Your assignment
Take the lines from the beginning of the data below through the line holding "Context: Let $B$" and return exactly those.
= = = = = = =
(* Let $\kappa>0$ be a cardinal, $K$ a field, and $R$ the $K$-algebra $K^\kappa$ (direct product of $\kappa$ copies of $K$). If $\kappa$ is finite, then $R$ has a strong multiplicative basis; if $\kappa$ is infinite, then $R$ has no bounded basis.
   Context: Let $B$ be a $K$-linear basis of a $K$-algebra $R$. For $r\in R$ write $r=\sum_{b\in B} b k_b$ and let $\mathrm{supp}(r)=\{b\mid k_b\neq 0\}$, $\mathrm{cs}(r)=|\mathrm{supp}(r)|$. For $1\le k<\omega$, $B$ is $k$-bounded if $\mathrm{cs}(bb')\le k$ for all $b,b'\in B$; $B$ is bounded if it is $k$-bounded for some $1 \le k<\omega$. $B$ is a strong multiplicative basis if $bb'\in B$ for all $b,b'\in B$. *)

(* The K-algebra K^kappa is modelled as the type of all
   functions I -> K (pointwise operations), where I is a type of cardinality
   kappa. *)
From mathcomp Require Import all_boot all_order all_algebra.
Set Implicit Arguments. Unset Strict Implicit. Unset Printing Implicit Defensive.
Import GRing.Theory.
Local Open Scope ring_scope.

Section Defs.
Variables (K : fieldType) (I : Type).

Definition fmul (f g : I -> K) : I -> K := fun x => f x * g x.

Definition lincomb (n : nat) (c : nat -> K) (s : nat -> I -> K) : I -> K :=
  fun x => \sum_(i < n) c i * s i x.

Definition distinct_in (B : (I -> K) -> Prop) (n : nat) (s : nat -> I -> K) :=
  (forall i, (i < n)%N -> B (s i)) /\
  (forall i j, (i < n)%N -> (j < n)%N -> s i = s j -> i = j).
Definition inX (f : {poly int}) (n h : nat) (alpha : nat -> R[i]) (Y : R)
    (x0 y0 : int) (i : nat) (x y : int) : Prop :=
  is_solution f n h x y /\ ~ inA f n h alpha Y x0 y0 x y /\
  (1 <= y)%R /\ (y%:~R <= Y)%R /\
  (cmod (Lin alpha i x y) <= 1 / (2 * y%:~R))%R.

End Cplx.

From mathcomp Require Import all_boot all_order all_algebra.
From mathcomp Require Import complex.
From mathcomp Require Import all_classical all_reals all_analysis.
From mathcomp Require Import ring lra.
Import Order.TTheory GRing.Theory Num.Theory.
Local Open Scope ring_scope.

(* Write L_j = L_j(x1,y1).  From x'y1 - x1y' = 1 one gets
   beta_j(x1,y1) = -1/(y1 L_j) - y'/y1, so the real shift y'/y1 + m is within
   1/2 + 1/(y1|L_1|) of 0 by the choice of m, and
   |beta_i - m| <= 1/(y1|L_i|) + 1/2 + 1/(y1|L_1|).
   Since (x1,y1) is not in A, |L_1| >= 1/(2Y_S).  If y1 < y2, coprimality of
   (x2,y2) makes x2y1 - x1y2 a nonzero integer, and
   1 <= |L_i(x2,y2)| y1 + |L_i| y2 with |L_i(x2,y2)| <= 1/(2y2) forces
   |L_i| >= 1/(2y2); as y2 >= y1 + 1 the bounds add up to the claim.
   If y1 = y2, two distinct x with |x - alpha_i y1| <= 1/(2y1) force y1 = 1
   and alpha_i = (x1 + x2)/2, a rational root of the irreducible F(x,1) of
   degree n >= 3. *)

Section ComplexModulus.
Context {R : realType}.
Local Open Scope complex_scope.
Implicit Types (z w : R[i]) (r : R).

Lemma cmodE z : `|z| = (cmod z)%:C.
Proof. by rewrite normc_def. Qed.

Lemma cmod_ge0 z : 0 <= cmod z.
Proof. exact: sqrtr_ge0. Qed.

Lemma ler_cmodB z w : cmod (z - w) <= cmod z + cmod w.
Proof. by rewrite -lecR rmorphD /= -!cmodE ler_normB. Qed.

Lemma cmodM z w : cmod (z * w) = cmod z * cmod w.
Proof. by apply: complexI; rewrite rmorphM /= -!cmodE normrM. Qed.

Lemma cmodV z : cmod z^-1 = (cmod z)^-1.
Proof. by apply: complexI; rewrite fmorphV /= -!cmodE normfV. Qed.

Lemma cmodN z : cmod (- z) = cmod z.
Proof. by apply: complexI; rewrite -!cmodE normrN. Qed.

Lemma cmod_real r : cmod r%:C = `|r|.
Proof. by rewrite /cmod /= expr0n /= addr0 sqrtr_sqr. Qed.

Lemma cmod_int (k : int) : cmod (k%:~R : R[i]) = (`|k|%:~R : R).
Proof.
have -> : (k%:~R : R[i]) = (k%:~R : R)%:C by rewrite rmorph_int.
by rewrite cmod_real intr_norm.
Qed.

Lemma cmod_gt0 z : (0 < cmod z) = (z != 0).
Proof. by rewrite -normr_gt0 cmodE ltcR. Qed.

Lemma ler_Re_cmod z : `|complex.Re z| <= cmod z.
Proof. by rewrite -sqrtr_sqr ler_wsqrtr // lerDl sqr_ge0. Qed.

Lemma cmod_sqr z : cmod z ^+ 2 = complex.Re z ^+ 2 + complex.Im z ^+ 2.
Proof. by rewrite sqr_sqrtr // addr_ge0 // sqr_ge0. Qed.
(* Let $\mathcal{S}\subset\mathbb{R}^3$ be a smooth, closed, orientable surface and let $\mathcal{R}:\mathcal{S}\to(0,\infty)$ be a smooth radius function. Let $p\in\mathcal{S}$ be a point that contributes to the variable-radius offset surface $\mathcal{S}^{\mathrm{off}}_{\mathcal{R}}$, with corresponding offset point $p^{\mathrm{off}}_{\mathcal{R}}$ and offset direction $\boldsymbol{n}^{\mathrm{off}}_{\mathcal{R}}(p)$, and let $\boldsymbol{n}_p$ be the unit normal of $\mathcal{S}$ at $p$ pointing to the side of the offset layer under consideration. If $\|\nabla\mathcal{R}(p)\|\le 1$, then $\boldsymbol{n}^{\mathrm{off}}_{\mathcal{R}}(p)$ is obtained by rotating $\boldsymbol{n}_p$ by the angle $\alpha=\arcsin(\|\nabla\mathcal{R}(p)\|)$ about the axis $$\frac{\nabla\mathcal{R}(p)}{\|\nabla\mathcal{R}(p)\|}\times\boldsymbol{n}_p .$$
   Context: $\nabla\mathcal{R}(p)$ denotes the surface (tangential) gradient of $\mathcal{R}$ at $p$. The variable-radius offset surface $\mathcal{S}^{\mathrm{off}}_{\mathcal{R}}$ is the zero level set of $\phi(x)=\min_{q\in\mathcal{S}}\big(\|x-q\|-\mathcal{R}(q)\big)$, i.e. the envelope of the family of balls centered at $q\in\mathcal{S}$ with radius $\mathcal{R}(q)$; it consists of an inward and an outward layer. A point $p\in\mathcal{S}$ contributes to $\mathcal{S}^{\mathrm{off}}_{\mathcal{R}}$ if there is a point $p^{\mathrm{off}}_{\mathcal{R}}\in\mathcal{S}^{\mathrm{off}}_{\mathcal{R}}$ on the sphere of center $p$ and radius $\mathcal{R}(p)$ (a point where this sphere touches the envelope), and the offset direction is the unit vector $\boldsymbol{n}^{\mathrm{off}}_{\mathcal{R}}(p)=(p^{\mathrm{off}}_{\mathcal{R}}-p)/\|p^{\mathrm{off}}_{\mathcal{R}}-p\|$. Rotation about an axis is by the right-hand rule; when $\nabla\mathcal{R}(p)=0$ the angle $\alpha$ is $0$ and the rotation is the identity. *)

From HB Require Import structures.
From mathcomp Require Import all_boot all_order all_algebra.
From mathcomp Require Import all_classical all_reals all_analysis.
Set Implicit Arguments. Unset Strict Implicit. Unset Printing Implicit Defensive.
Import Order.TTheory GRing.Theory Num.Theory.
Import numFieldNormedType.Exports.
Local Open Scope classical_set_scope.
Local Open Scope ring_scope.

Section OffsetDefs.
Variable R : realType.

Notation vec3 := 'rV[R]_3.

Definition dot (u v : vec3) : R := \sum_(i < 3) u 0 i * v 0 i.
Definition enorm (u : vec3) : R := Num.sqrt (dot u u).
Definition cross (u v : vec3) : vec3 :=
  let c := fun (w : vec3) (k : nat) => w 0 (inord k) in
  \row_(i < 3) (match (val i)%N with
                | O => c u 1 * c v 2 - c u 2 * c v 1
                | S O => c u 2 * c v 0 - c u 0 * c v 2
                | _ => c u 0 * c v 1 - c u 1 * c v 0 end).

Definition ebase (i : 'I_3) : vec3 := \row_(j < 3) (if j == i then 1 else 0).

Fixpoint iterD (vs : seq vec3) (f : vec3 -> R) : vec3 -> R :=
  match vs with
  | [::] => f
  | v :: vs' => fun x => derive (iterD vs' f) x v
  end.

Definition smooth (f : vec3 -> R) : Prop :=
  forall (vs : seq vec3) (x : vec3), differentiable (iterD vs f) x.

Definition grad (f : vec3 -> R) (x : vec3) : vec3 :=
  \row_(i < 3) derive f x (ebase i).

(** Smooth closed orientable surface, presented as a compact regular
    level set S = F^{-1}(0) of a smooth F : R^3 -> R. *)
Definition regular_compact_level_set (F : vec3 -> R) : Prop :=
  [/\ smooth F,
      (forall x, F x = 0 -> grad F x != 0) &
      compact [set x | F x = 0]].

Definition unormal (F : vec3 -> R) (p : vec3) : vec3 :=
  (enorm (grad F p))^-1 *: grad F p.

(** Surface (tangential) gradient at p of a function on S, given through a
    smooth extension Rad : R^3 -> R: projection of the ambient gradient on
    the tangent plane (independent of the extension). *)
Definition surf_grad (F Rad : vec3 -> R) (p : vec3) : vec3 :=
  grad Rad p - dot (grad Rad p) (unormal F p) *: unormal F p.

(** phi(x) = min_{q in S} (|x - q| - Rad(q)) (the min exists by compactness;
    we write it as an infimum). *)
Definition offset_phi (F Rad : vec3 -> R) (x : vec3) : R :=
  inf [set enorm (x - q) - Rad q | q in [set q | F q = 0]].
Lemma coef_prod_XaddC_mesym n k :
  (\prod_(i < n) (('X_i : {mpoly rat[n]})%:P * 'X + 1))`_k = mesym n rat k.
Proof.
rewrite bigA_distr coef_sum /mesym (big_mkcond (fun h : {set 'I_n} => #|h| == k)).
apply: eq_bigr => J _; rewrite -big_mkcond /= big_split /= prodr_const -rmorph_prod.
by rewrite coefCM coefXn eq_sym; case: eqP => _; rewrite ?mulr1 ?mulr0.
Qed.

Lemma coefM_quadratic (R : comNzRingType) (Q : {poly R}) (a b : R) k :
  (Q * (a%:P * 'X^2 + b%:P * 'X + 1))`_k.+2 = Q`_k.+2 + b * Q`_k.+1 + a * Q`_k.
Proof.
rewrite !mulrDr mulr1 !coefD [Q * (a%:P * _)]mulrCA [Q * (b%:P * _)]mulrCA !coefCM.
by rewrite coefMX coefMXn /= subn2 /=; ring.
Qed.

Lemma natr_mpoly_neq0 n c : (0 < c)%N -> (c%:R : {mpoly rat[n]}) != 0.
Proof. by move=> c_gt0; rewrite -(rmorph_nat (@mpolyC n rat)) mpolyC_eq0 pnatr_eq0 -lt0n. Qed.

Section SBox.
Variable n : nat.
Hypothesis n_gt2 : (2 < n)%N.

Let i0 : 'I_n := Ordinal (ltnW (ltnW n_gt2)).
Let i1 : 'I_n := Ordinal (ltnW n_gt2).
Let y : {mpoly rat[n]} := 'X_i0 + 'X_i1.
Let z : {mpoly rat[n]} := 'X_i0 * 'X_i1.

Lemma sbox_X (i : 'I_n) :
  sbox 'X_i = if val i == 0%N then - 'X_i1 else if val i == 1%N then - 'X_i0 else 'X_i.
Proof.
rewrite /sbox comp_mpolyXU /sbox_subst -tnth_nth tnth_mktuple.
by case: ifP => [_|_]; [|case: ifP => // _]; congr (- 'X_ _); apply: val_inj;
  rewrite val_insubd /= ?(ltnW n_gt2) ?(ltnW (ltnW n_gt2)).
Qed.

Lemma sbox_X_ge2 (i : 'I_n) : (2 <= i)%N -> sbox 'X_i = 'X_i.
Proof. by rewrite sbox_X; case: i => [[|[|k]]]. Qed.

Lemma sbox_y : sbox y = - y.
Proof. by rewrite rmorphD /= !sbox_X /= opprD addrC. Qed.

Lemma sbox_z : sbox z = z.
Proof. by rewrite rmorphM /= !sbox_X /= mulrNN mulrC. Qed.

Lemma x12E : x12 n = y.
Proof.
rewrite /x12 (bigD1 i0) //= (bigD1 i1) //= big_pred0 ?addr0 // => i.
by rewrite -!val_eqE /=; case: i => [[|[|k]]].
Qed.

Lemma y_neq0 : y != 0.
Proof.
apply/negP => /eqP /(congr1 (meval (fun _ => 1 : rat))) /eqP.
by rewrite mevalD !mevalXU meval0.
Qed.

Let G : {poly {mpoly rat[n]}} := \prod_(i < n | (2 <= i)%N) (('X_i)%:P * 'X + 1).
Let E k := (G * 'X^2)`_k.

Lemma E1 : E 1 = 0. Proof. by rewrite /E coefMXn. Qed.

Lemma E2 : E 2 = 1.
Proof.
rewrite /E coefMXn /= -horner_coef0 horner_prod big1 // => i _.
by rewrite hornerD hornerMX mulr0 add0r hornerC.
Qed.

Lemma prod_XaddC_split :
  \prod_(i < n) (('X_i : {mpoly rat[n]})%:P * 'X + 1) = (z%:P * 'X^2 + y%:P * 'X + 1) * G.
Proof.
rewrite (bigD1 i0) //= (bigD1 i1) //= mulrA; congr (_ * _).
  by rewrite /z /y polyCM polyCD; ring.
by apply: eq_bigl => i; rewrite -!val_eqE /=; case: i => [[|[|k]]].
Qed.

Lemma mesym_E k : mesym n rat k = E k.+2 + y * E k.+1 + z * E k.
Proof.
rewrite -coef_prod_XaddC_mesym prod_XaddC_split -coefM_quadratic.
by rewrite mulrAC coefMXn /= subn2 /= [G * _]mulrC.
Qed.

Lemma sbox_E k : sbox (E k) = E k.
Proof.
have map_G : map_poly (@sbox n) G = G.
  rewrite rmorph_prod; apply: eq_bigr => i le2i.
  by rewrite rmorphD rmorphM /= map_polyC map_polyX rmorph1 /= sbox_X_ge2.
by rewrite /E -coef_map rmorphM /= map_polyXn map_G.
Qed.

Lemma Pt1_split i : (0 < i)%N -> 2%:R * Pt1 n i = E i.+2 + z * E i + y * E i.+1.
Proof.
case: i => // i _; rewrite /Pt1 /= mulr_natl scalerMnl.
have -> : (2%:R^-1 : rat) *+ 2 = 1 by apply/eqP.
by rewrite scale1r mesym_E; ring.
Qed.

Lemma sbox_Pt1_split i : (0 < i)%N -> 2%:R * sbox (Pt1 n i) = E i.+2 + z * E i - y * E i.+1.
Proof.
move=> i_gt0; rewrite -(rmorph_nat (@sbox n)) -rmorphM Pt1_split //.
by rewrite rmorphD /= rmorphD /= rmorphM /= sbox_z rmorphM /= sbox_y !sbox_E; ring.
Qed.

Lemma Pt1_split_diff i : (0 < i)%N -> 2%:R * (Pt1 n i - sbox (Pt1 n i)) = 2%:R * y * E i.+1.
Proof. by move=> i_gt0; rewrite mulrBr Pt1_split // sbox_Pt1_split //; ring. Qed.

Let psi i j := E i.+1 * E j.+1 + z * (E i * E j).

Lemma Pt1M_split i j : (0 < i)%N -> (0 < j)%N ->
  2%:R * (Pt1 n i * Pt1 n j - sbox (Pt1 n i) * sbox (Pt1 n j)) = y * (psi i j.+1 + psi i.+1 j).
Proof.
move=> i_gt0 j_gt0; apply: (mulfI (natr_mpoly_neq0 n (isT : 0 < 2)%N)).
transitivity ((2%:R * Pt1 n i) * (2%:R * Pt1 n j)
              - (2%:R * sbox (Pt1 n i)) * (2%:R * sbox (Pt1 n j))); first by ring.
by rewrite !Pt1_split // !sbox_Pt1_split // /psi; ring.
Qed.

Let al i := E i.+1.
(* [be 0 = 4] accounts for [Pt2 n a 0 = 2 * Pt1 n a]. *)
Let be i := if i == 0%N then 4%:R else E i.+2 - z * E i.

Lemma Pt2_split0 a : (0 < a)%N ->
  2%:R * (Pt2 n a 0 - sbox (Pt2 n a 0)) = y * wedge al be a 0.
Proof.
move=> a_gt0; have Pt1_0 : Pt1 n 0 = 1 by [].
rewrite /Pt2 big_geq // mulr0 addr0 expr0 mul1r addn0 Pt1_0 mulr1 rmorphD /=.
transitivity (2%:R * (2%:R * (Pt1 n a - sbox (Pt1 n a)))); first by ring.
by rewrite Pt1_split_diff // /wedge /al /be /= E1; ring.
Qed.

Lemma Pt2_split_pos a b : (0 < b < a)%N ->
  2%:R * (Pt2 n a b - sbox (Pt2 n a b)) = y * wedge al be a b.
Proof.
case/andP=> b_gt0 lt_ba; rewrite /Pt2; set S : {mpoly rat[n]} := \sum_(1 <= k < b) _.
have S_split : 2%:R * (S - sbox S) = y * (- psi a.+1 b - (-1) ^+ b * E (a + b).+1).
  rewrite rmorph_sum -sumrB mulr_sumr.
  rewrite (telescope_sumr_eq (fun k => - (y * ((-1) ^+ k * psi (a + k) (b - k).+1)))) //.
    by rewrite subnn addn1 subn1 prednK // /psi E1 E2; ring.
  move=> k /andP[k_gt0 lt_kb]; rewrite !rmorphM rmorph_sign /=.
  transitivity ((-1) ^+ k * (2%:R * (Pt1 n (a + k) * Pt1 n (b - k)
                 - sbox (Pt1 n (a + k)) * sbox (Pt1 n (b - k))))); first by ring.
  rewrite Pt1M_split; [|lia|lia].
  by rewrite addnS (_ : (b - k.+1).+1 = b - k)%N; [rewrite exprS; ring | lia].
clearbody S; rewrite !rmorphD !rmorphM rmorph_nat rmorph_sign /=.
transitivity (2%:R * (Pt1 n a * Pt1 n b - sbox (Pt1 n a) * sbox (Pt1 n b))
              + 2%:R * (2%:R * (S - sbox S))
              + (-1) ^+ b * (2%:R * (Pt1 n (a + b) - sbox (Pt1 n (a + b))))).
  by ring.
rewrite Pt1M_split ?S_split ?Pt1_split_diff; [|lia|lia|lia].
by rewrite /wedge /al /be !gtn_eqF ?(ltn_trans b_gt0 lt_ba) // /psi; ring.
Qed.

Lemma Pt2_split a b : (b < a)%N ->
  2%:R * (Pt2 n a b - sbox (Pt2 n a b)) = y * wedge al be a b.
Proof.
by case: b => [|b] lt_ba; [apply: Pt2_split0 | apply: Pt2_split_pos; rewrite lt_ba].
Qed.

Lemma dbox_eq c p q : (0 < c)%N -> c%:R * (p - sbox p) = y * q -> c%:R * dbox p = q.
Proof.
move=> c_gt0 split_p.
have cq : c%:R * ((c%:R^-1 : rat) *: q) = q.
  rewrite -(rmorph_nat (@mpolyC n rat)) mul_mpolyC scalerA divff ?scale1r //.
  by rewrite pnatr_eq0 -lt0n.
have dbox_spec : x12 n * dbox p = p - sbox p.
  apply: (epsilon_spec (inhabits 0) (fun g => x12 n * g = p - sbox p)).
  exists ((c%:R^-1 : rat) *: q); apply: (mulfI (natr_mpoly_neq0 n c_gt0)).
  by rewrite split_p x12E -{2}cq mulrCA.
by apply: (mulfI y_neq0); rewrite mulrCA -split_p -dbox_spec x12E.
Qed.

Lemma altsum_dbox_Pt2 t w : sorted gtn t -> all (fun x => w < x)%N t ->
  altsum t (fun x v => dbox (Pt2 n x w) * dbox (pfaffian (Pt2 n) v)) = 0.
Proof.
move=> sorted_t gt_w; set g := fun a b => sbox (Pt2 n a b).
have two := natr_mpoly_neq0 n (isT : 0 < 2)%N.
have three := natr_mpoly_neq0 n (isT : 0 < 3)%N.
apply: (mulfI (natr_mpoly_neq0 n (isT : 0 < 8)%N)); rewrite mulr0 -altsumMl.
transitivity (- altsum t (fun x v => wedge al be w x * dpfaffian g (wedge al be) v)).
  rewrite -altsumN; apply: eq_altsum_in => x v xt vt _.
  have dPt2 : 2%:R * dbox (Pt2 n x w) = wedge al be x w.
    by apply: dbox_eq => //; apply: Pt2_split; apply: (allP gt_w).
  have dpf : 4%:R * dbox (pfaffian (Pt2 n) v) = dpfaffian g (wedge al be) v.
    apply: dbox_eq => //.
    apply: (pfaffian_split (@wedgeN _ al be) (@wedge_plucker _ al be) two three Pt2_split).
    exact (subseq_sorted gtn_trans vt sorted_t).
  by rewrite wedgeN mulNr opprK -dPt2 -dpf mulrACA -natrM.
have /eqP := altsum_dpfaffian_plucker g (@wedge_plucker _ al be) w t.
by rewrite mulf_eq0 (negbTE three) => /eqP ->; rewrite oppr0.
Qed.

End SBox.

Theorem theorem2 (n : nat) (lam : seq nat) :
  (3 <= n)%N -> strict_part_le n lam -> (3 <= size lam)%N ->
  let r := evenup (size lam) in
  let l := fun j : nat => nth 0%N lam j.-1 in
  \sum_(1 <= j < r)
     (-1) ^+ j.-1 * dbox (Pt2 n (l j) (l r))
       * dbox (Ptilde n [seq x <- lam | (x != l j) && (x != l r)])
  = 0 :> {mpoly rat[n]}.
Proof.
move=> n_ge3 /andP[sorted_lam bounded_lam] size_lam r l.
have pos_lam : all (fun x => 0 < x)%N lam by apply: sub_all bounded_lam => x /andP[].
have r_even : ~~ odd r by rewrite /r /evenup oddM.
have /andP[r_ge r_le] : (size lam <= r <= (size lam).+1)%N.
  by rewrite /r evenupE; case: (odd _) => /=; lia.
set t := take r.-1 lam.
have size_t : size t = r.-1 by rewrite size_takel //; lia.
have sorted_t : sorted gtn t := subseq_sorted gtn_trans (take_subseq _ _) sorted_lam.
have uniq_t : uniq t := sorted_uniq gtn_trans ltnn sorted_t.
have filter_lam : [seq x <- lam | x != l r] = t.
  by apply: filter_neq_nth_take => //; rewrite prednK //; lia.
rewrite big_add1 /= big_mkord -size_t.
rewrite -[RHS](altsum_dbox_Pt2 n_ge3 sorted_t (take_gt_nth _ sorted_lam pos_lam)).
apply: eq_bigr => j _; have lt_jt := ltn_ord j; have lt_jr : (j < r.-1)%N by rewrite -size_t.
have -> : [seq x <- lam | (x != l j.+1) && (x != l r)]
          = [seq x <- [seq x <- lam | x != l r] | x != nth 0%N t j].
  by rewrite -filter_predI nth_take.
rewrite filter_lam (filter_neq_nth uniq_t lt_jt) -mulrA (nth_take _ lt_jr) /Ptilde pad_even //.
by rewrite size_rmnth // size_t -subn2 oddB /= ?addbF //; lia.
Qed.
= = = = = = =
Answer to this exercise
(* Let $\kappa>0$ be a cardinal, $K$ a field, and $R$ the $K$-algebra $K^\kappa$ (direct product of $\kappa$ copies of $K$). If $\kappa$ is finite, then $R$ has a strong multiplicative basis; if $\kappa$ is infinite, then $R$ has no bounded basis.
   Context: Let $B$ be a $K$-linear basis of a $K$-algebra $R$. For $r\in R$ write $r=\sum_{b\in B} b k_b$ and let $\mathrm{supp}(r)=\{b\mid k_b\neq 0\}$, $\mathrm{cs}(r)=|\mathrm{supp}(r)|$. For $1\le k<\omega$, $B$ is $k$-bounded if $\mathrm{cs}(bb')\le k$ for all $b,b'\in B$; $B$ is bounded if it is $k$-bounded for some $1 \le k<\omega$. $B$ is a strong multiplicative basis if $bb'\in B$ for all $b,b'\in B$. *)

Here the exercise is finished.